Carey v. Wynn

439 U.S. 8 | SCOTUS | 1978

439 U.S. 8 (1978)

CAREY, STATE'S ATTORNEY OF COOK COUNTY, ILLINOIS
v.
WYNN ET AL.

No. 78-229.

Supreme Court of United States.

Decided October 16, 1978.[*]
ON APPEAL FROM THE UNITED STATES DISTRICT COURT FOR THE NORTHERN DISTRICT OF ILLINOIS.

PER CURIAM.

A three-judge District Court entered a declaratory judgment holding unconstitutional certain sections of the Illinois Abortion Act of 1975, Ill. Rev. Stat., ch. 38, § 81-21 et seq. (Supp. 1976). Wynn v. Scott, 449 F. Supp. 1302 (ND Ill. 1978). The District Court assumed that Illinois prosecutors would recognize and abide by the declaratory judgment and denied plaintiffs' request for injunctive relief. Id., at 1331.

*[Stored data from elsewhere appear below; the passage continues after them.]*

Definition sum_over {A : Type} (g : A -> nat) (l : list A) : nat :=
  fold_right (fun x acc => g x + acc) 0 l.

Lemma sum_over_app {A} (g : A -> nat) l l' :
  sum_over g (l ++ l') = sum_over g l + sum_over g l'.
Proof. induction l; simpl; lia. Qed.

Lemma sum_over_map {A B} (g : B -> nat) (h : A -> B) l :
  sum_over g (map h l) = sum_over (fun x => g (h x)) l.
Proof. induction l; simpl; lia. Qed.

Lemma sum_over_flat_map {A B} (g : B -> nat) (h : A -> list B) l :
  sum_over g (flat_map h l) = sum_over (fun x => sum_over g (h x)) l.
Proof. induction l; simpl; rewrite ?sum_over_app; lia. Qed.

Lemma sum_over_ext_in {A} (g h : A -> nat) l :
  (forall x, In x l -> g x = h x) -> sum_over g l = sum_over h l.
Proof.
  induction l as [|x l IH]; intros E; simpl; [reflexivity|].
  rewrite E, IH; auto using in_eq, in_cons.
Qed.

Lemma sum_over_ext {A} (g h : A -> nat) l :
  (forall x, g x = h x) -> sum_over g l = sum_over h l.
Proof. intros E; apply sum_over_ext_in; auto. Qed.

Lemma sum_over_add {A} (g h : A -> nat) l :
  sum_over (fun x => g x + h x) l = sum_over g l + sum_over h l.
Proof. induction l; simpl; lia. Qed.

Lemma sum_over_mull {A} c (g : A -> nat) l :
  sum_over (fun x => c * g x) l = c * sum_over g l.
Proof. induction l; simpl; lia. Qed.

Lemma sum_over_mulr {A} c (g : A -> nat) l :
  sum_over (fun x => g x * c) l = sum_over g l * c.
Proof. induction l; simpl; lia. Qed.

Lemma sum_over_const {A} c (l : list A) : sum_over (fun _ => c) l = c * length l.
Proof. induction l; simpl; lia. Qed.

The appeals from the declaratory judgment invalidating certain provisions of the statute are dismissed for want of jurisdiction. Title 28 U.S. C. § 1253, the jurisdictional statute under which these appeals are taken, does not authorize an appeal from the grant or denial of declaratory relief alone. Gerstein v. Coe, 417 U.S. 279 (1974). The declaratory judgment is appealable to the Court of Appeals, and we are informed that appeals to that court have been taken.

Appeals dismissed.

MR. JUSTICE STEVENS took no part in the consideration or decision of these cases.

NOTES

[*] Together with No. 78-239, Diamond v. Wynn et al., also on appeal from the same court.